The Society of Motion Picture and Television Engineers (SMPTE) (, rarely ), founded in 1916 as the Society of Motion Picture Engineers or SMPE, is a global professional association of engineers, technologists, and executives working in the media and entertainment industry. As an internationally recognized standards organization, SMPTE has published more than 800 technical standards and related documents for broadcast, filmmaking, digital cinema, audio recording, information technology (IT), and medical imaging. 
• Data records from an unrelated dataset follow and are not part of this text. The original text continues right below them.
Theorem mainTheorem10 (R : realType) (m : nat -> nat) (q p : nat -> nat -> R)
  (d : measure_display) (T : measurableType d) (P : probability T R)
  (xi : nat -> T -> nat) :
  Qtilde_matrix m q ->
  P_matrix m p ->
  (forall n i, (1 <= n)%N -> (i <= m n)%N -> 0 <= p i n) ->
  (forall n (A : set nat), measurable [set w | A (xi n w)]) ->
  (forall n w, (1 <= n)%N -> (xi n w <= m n)%N) ->
  (forall n i, (1 <= n)%N -> (i <= m n)%N -> P [set w | xi n w = i] = (p i n)%:E) ->
  mutually_independent P xi ->
  let eta := fun w => DeltaQ q (fun n => xi n w) in
  let F := fun x : R => P [set w | eta w < x] in
  (forall x : R, x < 0 -> F x = 0%E) /\
  (forall (x : R) (i : nat -> nat), 0 <= x < 1 -> is_negaQ_rep m q i x ->
     F x = (cumsum p (i 1%N) 1%N +
            rseries_from 2 (fun n => betatilde m p (i n) n *
                                     \prod_(1 <= j < n) ptilde m p (i j) j))%:E) /\
  (forall x : R, 1 <= x -> F x = 1%E).
Proof.
move=> [q_gt0 [q_sum q_prod0]] [_ [p_sum [p_norm_prod0 _]]] p_ge0 xi_meas xi_digit
  xi_law xi_indep eta F.
have q_stoch : stochastic m q by split=> // n i n1 im; exact/ltW/q_gt0.
have p_stoch : stochastic m p by [].
have p_prod0 e : digit_seq m e -> prefix_prod p e @ \oo --> 0.
  by move=> he; exact: (prefix_prod_cvg0 p_stoch he (p_norm_prod0 e he)).
have eta_bounds w : 0 <= eta w <= 1.
  have w_digit := digit_seq_digits xi_digit w.
  by rewrite (DeltaQ_ge0 q_stoch w_digit) (DeltaQ_le1 q_stoch w_digit).
have F_DeltaQ j : digit_seq m j -> F (DeltaQ q j) = (DeltaQ p j)%:E.
  exact: (prob_lex_below q_stoch q_gt0 p_stoch p_prod0 xi_meas xi_digit xi_law xi_indep).
have m_digit : digit_seq m m by [].
split; [|split].
- move=> x x_lt0; rewrite /F [X in P X](_ : _ = set0) ?measure0 //.
  by apply/seteqP; split=> w //= lt_wx; have := eta_bounds w; lra.
- move=> x i _ [i_digit ->].
  by rewrite F_DeltaQ ?DeltaQ_nega_digits //; exact: nega_digit_seq.
- move=> x; rewrite le_eqVlt => /predU1P[<-|x_gt1].
    rewrite -{1}(DeltaQ_max q_stoch (q_prod0 m m_digit)) F_DeltaQ //.
    by rewrite (DeltaQ_max p_stoch (p_prod0 m m_digit)).
  rewrite /F [X in P X](_ : _ = setT) ?probability_setT //.
  by apply/seteqP; split=> w //= _; have := eta_bounds w; lra.
Qed.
SMPTE also publishes the SMPTE Motion Imaging Journal, provides networking opportunities for its members, produces academic conferences and exhibitions, and performs other industry-related functions. SMPTE membership is open to any individual or organization with an interest in the subject matter. In the US, SMPTE is a 501(c)3 non-profit charitable organization.

History
The Motion Picture and Television Engineers was founded in 1916 by Charles Francis Jenkins, who was the first president of the organization.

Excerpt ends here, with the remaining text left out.